MVF was unaffected by supplementation, which is consistent with previous findings (9,12,21), and expected given that nitrate supplementation does not affect force at the firing frequencies (>20 Hz [9,11]) typically expected at MVF (~25–40 Hz [33,34]). Explosive impulse recorded over all measured time periods from force onset in explosive voluntary contractions in unfatigued conditions was also unaffected by nitrate supplementation in the current study. Theoretically, improved excitation–contraction coupling characterized by increased force at low frequencies—and thus low free cytosolic Ca2+—may benefit voluntary explosive force where cytosolic Ca2+ is rising. However, given that we found no evidence of improved excitation–contraction coupling in unfatigued conditions, it is no surprise that voluntary explosive impulse was also unaffected. Furthermore, nitrate supplementation does not seem to improve voluntary explosive force in unfatigued conditions, even when there is evidence of enhanced excitation–contraction coupling (9). The effects of nitrate supplementation on contractile performance might become more evident in fatigued conditions where excitation–contraction coupling is disrupted.
The fatigue protocol of 60 MVC resulted in a decline in mean MVC force to a plateau reflecting a critical threshold in both NIT and PLA. This threshold is thought to represent the highest force that can be maintained with metabolic steady state (22), which likely could not be overcome in the last 6 MVC of the protocol because of high-energy phosphate depletion and considerable metabolite accumulation (23). Thus, we are confident that a plateau in the fatigue and metabolic responses was reached in both conditions. As predicted, the 60 MVC provided sufficient force–time impulse and metabolic perturbation to elicit the first component of low-frequency fatigue (19,20), evidenced by greater fatigue at low (≤20 Hz) compared with high (≥50 Hz) frequencies, and a decline in 20/50-Hz ratios for tetanic peak force and RFD, in both NIT and PLA. This low-frequency fatigue reflects disruption of excitation–contraction coupling in both conditions, probably caused by a decline in SR Ca2+ release (16–18).

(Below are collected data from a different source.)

(* Let $M$ be a finite abelian group of exponent greater than $2$. Then $\mathrm{Half}(L_M)\cong C_2\times\mathrm{Aut}(L_M)$.
   Context: Let $K=\{1,a,b,c\}$ be the Klein four-group. Set $L_M=K\times M$ with the operation $(A,x)*(B,y)=(AB,xy)$ if $B=1$, and $(A,x)*(B,y)=(AB,x^{-1}y)$ if $B\neq 1$. $\mathrm{Half}(L_M)$ denotes the group (under composition) of half-automorphisms of $L_M$, i.e. bijections $f$ with $f(XY)\in\{f(X)f(Y),f(Y)f(X)\}$ for all $X,Y$; $\mathrm{Aut}(L_M)$ is the automorphism group; $C_2$ is the cyclic group of order $2$. *)

From HB Require Import structures.
From mathcomp Require Import all_boot all_fingroup all_solvable all_algebra.
Set Implicit Arguments. Unset Strict Implicit. Unset Printing Implicit Defensive.
Local Open Scope group_scope.

Definition Klein := (bool * bool)%type.
Definition K1 : Klein := (false, false).
Definition Kmul (A B : Klein) : Klein := (A.1 (+) B.1, A.2 (+) B.2).

Definition LM (M : finGroupType) := (Klein * M)%type.

Definition Lmul (M : finGroupType) (X Y : LM M) : LM M :=
  (Kmul X.1 Y.1, if Y.1 == K1 then X.2 * Y.2 else (X.2)^-1 * Y.2).

Definition Half (M : finGroupType) : {set {perm LM M}} :=
  [set f : {perm LM M} | [forall X : LM M, forall Y : LM M,
     (f (Lmul X Y) == Lmul (f X) (f Y)) || (f (Lmul X Y) == Lmul (f Y) (f X))]].

Definition Aut_L (M : finGroupType) : {set {perm LM M}} :=
  [set f : {perm LM M} | [forall X : LM M, forall Y : LM M,
     f (Lmul X Y) == Lmul (f X) (f Y)]].

From mathcomp Require Import all_boot all_fingroup all_solvable all_algebra.
Set Implicit Arguments. Unset Strict Implicit. Unset Printing Implicit Defensive.
Local Open Scope group_scope.

(* A half-automorphism f of L_M fixes the identity and, since M has an element
   of order > 2, maps N = {(1,x)} onto itself, inducing an automorphism phi of M.
   On each coset {(A,x)} with A <> 1 its M-coordinate is x |-> c_A * phi(x)^(+-1),
   and the sign is the same on all three nontrivial cosets.  With sign + f is an
   automorphism; with sign - so is J o f, where J inverts the M-coordinate off N.
   The map J is a half-automorphism but not an automorphism, is an involution,
   and commutes with every automorphism, so Half(L_M) = Aut(L_M) x <J>. *)

Lemma Kmul1 A : Kmul A K1 = A. Proof. by case: A => [] [] []. Qed.
Lemma K1mul A : Kmul K1 A = A. Proof. by case: A => [] [] []. Qed.
Lemma Kmulxx A : Kmul A A = K1. Proof. by case: A => [] [] []. Qed.
Lemma KmulC A B : Kmul A B = Kmul B A. Proof. by case: A B => [] [] [] [] [] []. Qed.
Lemma KmulK A B : Kmul A (Kmul A B) = B.
Proof. by case: A B => [] [] [] [] [] []. Qed.
Lemma Kmul_eq1 A B : (Kmul A B == K1) = (A == B).
Proof. by case: A B => [] [] [] [] [] []. Qed.

Lemma eq_invg_expg2 (T : finGroupType) (x : T) : (x^-1 == x) = (x ^+ 2 == 1).
Proof. by rewrite eq_invg_mul. Qed.

Lemma exists_expg2_neq1 (T : finGroupType) (G : {group T}) :
  2 < exponent G -> exists2 y, y \in G & y ^+ 2 != 1.
Proof.
move=> expG; apply/exists_inP; apply: contraLR expG; rewrite negb_exists_in -leqNgt.
by move=> /forall_inP sq1; apply/dvdn_leq/exponentP => // y /sq1/negPn/eqP.
Qed.

Section HalfAutomorphisms.
Variable M : finGroupType.
Implicit Types (A B : Klein) (x y z c k : M) (X Y : LM M).

Lemma Lmul_K1r A x y : Lmul (A, x) (K1, y) = (A, x * y).
Proof. by rewrite /Lmul /= Kmul1. Qed.

Lemma Lmul_K1l B x y :
  Lmul (K1, x) (B, y) = (B, if B == K1 then x * y else x^-1 * y).
Proof. by rewrite /Lmul /= K1mul. Qed.

Lemma Lmul_nK1r A B x y : B != K1 -> Lmul (A, x) (B, y) = (Kmul A B, x^-1 * y).
Proof. by move=> /negbTE nB; rewrite /Lmul /= nB. Qed.

Definition half_morph (f : LM M -> LM M) :=
  forall X Y, f (Lmul X Y) = Lmul (f X) (f Y) \/ f (Lmul X Y) = Lmul (f Y) (f X).

Lemma half_morph_comp (f g : LM M -> LM M) :
  half_morph f -> half_morph g -> half_morph (g \o f).
Proof.
move=> fH gH X Y /=; case: (fH X Y) => ->.
  by case: (gH (f X) (f Y)) => ->; [left | right].
by case: (gH (f Y) (f X)) => ->; [right | left].
Qed.

Lemma HalfP (f : {perm LM M}) : reflect (half_morph f) (f \in Half M).
Proof.
rewrite inE; apply: (iffP forallP) => [fH X Y | fH X].
  by move: (fH X) => /forallP/(_ Y)/orP[]/eqP; [left | right].
by apply/forallP => Y; case: (fH X Y) => ->; rewrite eqxx ?orbT.
Qed.

Lemma Aut_LP (f : {perm LM M}) :
  reflect {morph f : X Y / Lmul X Y} (f \in Aut_L M).
Proof.
rewrite inE; apply: (iffP forallP) => [fM X Y | fM X].
  by move: (fM X) => /forallP/(_ Y)/eqP.
by apply/forallP => Y; rewrite fM.
Qed.

Lemma group_set_Half : group_set (Half M).
Proof.
apply/group_setP; split=> [|f g /HalfP fH /HalfP gH]; apply/HalfP.
  by move=> X Y; left; rewrite !perm1.
by move=> X Y; rewrite !permM; apply: (half_morph_comp fH gH).
Qed.
Canonical Half_group := group group_set_Half.

Lemma group_set_Aut_L : group_set (Aut_L M).
Proof.
apply/group_setP; split=> [|f g /Aut_LP fM /Aut_LP gM]; apply/Aut_LP.
  by move=> X Y; rewrite !perm1.
by move=> X Y; rewrite !permM fM gM.
Qed.
Canonical Aut_L_group := group group_set_Aut_L.

Lemma Aut_L_sub_Half : Aut_L M \subset Half M.
Proof. by apply/subsetP => f /Aut_LP fM; apply/HalfP => X Y; left. Qed.

Hypothesis mulgC : forall x y : M, x * y = y * x.

Lemma invMgC x y : (x * y)^-1 = x^-1 * y^-1.
Proof. by rewrite invMg mulgC. Qed.

Lemma mulgACA x y z c : x * y * (z * c) = x * z * (y * c).
Proof. by rewrite -!mulgA; congr (x * _); rewrite !mulgA (mulgC y). Qed.

Lemma morphg1 (ph : M -> M) : {morph ph : x y / x * y} -> ph 1 = 1.
Proof. by move=> phM; apply: (mulgI (ph 1)); rewrite -phM !mulg1. Qed.

Lemma morphgV (ph : M -> M) : {morph ph : x y / x * y} -> {morph ph : x / x^-1}.
Proof. by move=> phM x; apply: (mulgI (ph x)); rewrite -phM !mulgV morphg1. Qed.

Lemma twisted_morph_dichotomy (ph u : M -> M) : {morph ph : x y / x * y} ->
  (forall x y, u (x * y) = u x * ph y \/ u (x * y) = u x * (ph y)^-1) ->
  (forall x, u x = u 1 * ph x) \/ (forall x, u x = u 1 * (ph x)^-1).
Proof.
(* If u x = c * (ph x)^-1 with (ph x)^2 <> 1, evaluating at x * (x^-1 * y)
   leaves u y = c * (ph y)^-1 as the only option. *)
move=> phM twist; set c := u 1.
have base y : u y = c * ph y \/ u y = c * (ph y)^-1 by have := twist 1 y; rewrite mul1g.
have [plus | /forallPn[x ux_plus]] := boolP [forall x, u x == c * ph x].
  by left => x; apply/eqP/(forallP plus).
have ux : u x = c * (ph x)^-1 by case: (base x) => // ux; rewrite ux eqxx in ux_plus.
have nX : (ph x)^-1 != ph x by apply: contraNneq ux_plus => X_inv; rewrite ux X_inv.
right => y; case: (base y) => // uy.
have := twist x (x^-1 * y); rewrite mulKVg phM (morphgV phM) ux uy.
case=> [|->]; last by rewrite invMgC invgK mulgA mulgKV.
rewrite mulgA => /mulIg; rewrite -{1}[c]mulg1 -mulgA => /mulgI/esym.
by move=> /(canRL (mulKVg _)); rewrite mulg1 => /eqP; rewrite (negbTE nX).
Qed.

Lemma coef_mixed_contra k c Z : Z ^+ 2 != 1 ->
  c = k \/ c = k^-1 ->
  c * Z = k * Z^-1 \/ c * Z = k^-1 * Z ->
  c * Z^-1 = k * Z^-1 \/ c * Z^-1 = k^-1 * Z ->
  c = k * (Z * Z)^-1 \/ c = k^-1 * (Z * Z) -> False.
Proof.
move=> Z2 h1 h2 h3 h4.
have dk : k * (Z * Z)^-1 != k by rewrite -{2}[k]mulg1 (inj_eq (mulgI k)) invg_eq1.
have dk' : k^-1 * (Z * Z) != k^-1 by rewrite -{2}[k^-1]mulg1 (inj_eq (mulgI _)).
have {}h2 : c = k * (Z * Z)^-1 \/ c = k^-1.
  by case: h2 => [/(canRL (mulgK Z)) | /mulIg]; [left; rewrite invMgC mulgA | right].
have {}h3 : c = k \/ c = k^-1 * (Z * Z).
  by case: h3 => [/mulIg | /(canRL (mulgKV Z))]; [left | right; rewrite mulgA].
case: h2 => e2; case: h3 => e3.
- by move: dk; rewrite -e2 e3 eqxx.
- by case: h1 => e1; [move: dk; rewrite -e2 | move: dk'; rewrite -e3]; rewrite e1 eqxx.
- by case: h4 => e4; [move: dk; rewrite -e4 e3 | move: dk'; rewrite -e4 e2]; rewrite eqxx.
- by move: dk'; rewrite -e3 e2 eqxx.
Qed.

Lemma coef_plus_eq k c Z : Z ^+ 2 != 1 ->
  c = k \/ c = k^-1 -> c * Z = k * Z \/ c * Z = k^-1 * Z^-1 -> c = k.
Proof.
move=> Z2 [// | ck] [/mulIg // |]; rewrite -ck => /mulgI/eqP.
by rewrite eq_sym eq_invg_expg2 (negbTE Z2).
Qed.

Definition Jinv X : LM M := if X.1 == K1 then X else (X.1, X.2^-1).

Lemma Jinv_K1 x : Jinv (K1, x) = (K1, x).
Proof. by []. Qed.

Lemma Jinv_nK1 A x : A != K1 -> Jinv (A, x) = (A, x^-1).
Proof. by rewrite /Jinv => /negbTE->. Qed.

Lemma JinvK : involutive Jinv.
Proof.
move=> [A x]; have [-> | nA] := eqVneq A K1; first by rewrite !Jinv_K1.
by rewrite !Jinv_nK1 // invgK.
Qed.

Variable y0 : M.
Hypothesis y0_sq : y0 ^+ 2 != 1.

Section HalfMorphism.
Variable f : LM M -> LM M.
Hypotheses (fH : half_morph f) (f_inj : injective f).

Lemma half_morph_id : f (K1, 1) = (K1, 1).
Proof.
have : f (K1, 1) = Lmul (f (K1, 1)) (f (K1, 1)).
  by have := fH (K1, 1) (K1, 1); rewrite Lmul_K1r mulg1; case.
case: (f (K1, 1)) => P u; rewrite /Lmul /= Kmulxx => -[-> /= /esym].
by move=> /(canRL (mulKg u)); rewrite mulVg => ->.
Qed.

Lemma half_fst_K1_sq x : x ^+ 2 != 1 -> (f (K1, x)).1 = K1.
Proof.
move=> x2; apply/eqP/negPn/negP => nP.
have : f (K1, x ^+ 2) = Lmul (f (K1, x)) (f (K1, x)).
  by have := fH (K1, x) (K1, x); rewrite Lmul_K1r; case.
case: (f (K1, x)) nP => P u /= nP.
by rewrite Lmul_nK1r // Kmulxx mulVg -half_morph_id => /f_inj[/eqP]; apply/negP.
Qed.

Lemma half_fst_K1 x : (f (K1, x)).1 = K1.
Proof.
(* If x ^+ 2 = 1, then x = (x * y0) * y0^-1 with both factors of order > 2. *)
have [x2 | ] := eqVneq (x ^+ 2) 1; last exact: half_fst_K1_sq.
have xy0_sq : (x * y0) ^+ 2 != 1 by rewrite expgMn ?x2 ?mul1g //; exact: mulgC.
have y0V_sq : y0^-1 ^+ 2 != 1 by rewrite expgVn invg_eq1.
have := fH (K1, x * y0) (K1, y0^-1); rewrite Lmul_K1r mulgK.
by case=> ->; rewrite /Lmul /= !half_fst_K1_sq.
Qed.

Definition phi x := (f (K1, x)).2.

Lemma half_K1 x : f (K1, x) = (K1, phi x).
Proof. by move: (half_fst_K1 x); rewrite /phi; case: (f (K1, x)) => P u /= ->. Qed.

Lemma phiM : {morph phi : x y / x * y}.
Proof.
move=> x y; have := fH (K1, x) (K1, y).
by rewrite Lmul_K1r !half_K1 !Lmul_K1r => -[] [->] //; rewrite mulgC.
Qed.

Lemma phi_bij : bijective phi.
Proof.
apply: injF_bij => x y phi_xy.
by have /f_inj[] : f (K1, x) = f (K1, y) by rewrite !half_K1 phi_xy.
Qed.

Lemma half_fst_nK1 A x : A != K1 -> (f (A, x)).1 != K1.
Proof.
move=> nA; apply: contra nA => /eqP fst1; have [phiV _ phiVK] := phi_bij.
have /f_inj[-> //] : f (K1, phiV (f (A, x)).2) = f (A, x).
by rewrite half_K1 phiVK -fst1; case: (f (A, x)).
Qed.

Lemma half_fst A x : (f (A, x)).1 = (f (A, 1)).1.
Proof.
have := fH (A, 1) (K1, x); rewrite Lmul_K1r mul1g half_K1.
by case: (f (A, 1)) => P u [] ->; rewrite ?Lmul_K1r ?Lmul_K1l.
Qed.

The disrupted excitation–contraction coupling likely contributed to the decline in voluntary explosive impulse from the first 6 to the last 6 MVC in both NIT and PLA, during the fatiguing protocol. Interestingly, nitrate supplementation attenuated the decline in voluntary explosive impulse, as evidenced by the significantly smaller fatigue index in NIT compared with PLA, although this effect was only observed in 8 of 13 participants, suggesting some variability in individual responses. Nevertheless, this study provides novel evidence that nitrate supplementation benefits explosive force production in fatigued but not unfatigued conditions. The reduced explosive impulse fatigue in NIT does not seem to be due to differences in neural drive between the conditions, as the explosive EMG fatigue index was similar for NIT and PLA. Therefore, mechanisms at the muscle, which may be associated with attenuated disruption of excitation–contraction coupling (discussed hereinafter), likely explain the effects of nitrate supplementation on explosive impulse fatigue index.
Nitrate supplementation did not affect total impulse, end-test force, or mean MVC force fatigue index recorded during the 60 MVC. Thus, the benefits of nitrate supplementation on voluntary force during fatiguing exercise seem to be specific to the rising slope of the force–time curve. This provides some evidence for attenuated disruption of the excitation–contraction coupling in NIT, which would theoretically have its greatest influence during contractile conditions of low or rising free cytosolic Ca2+, such as during the rising slope but not necessarily the plateau of MVC force–time curves. One other study (21) has assessed voluntary forces during repeated MVC (50 MVC) after nitrate supplementation and, similar to our results, found no differences in the MVC forces recorded over the plateau of the force–time curve, but they did not measure explosive forces during the rising slope.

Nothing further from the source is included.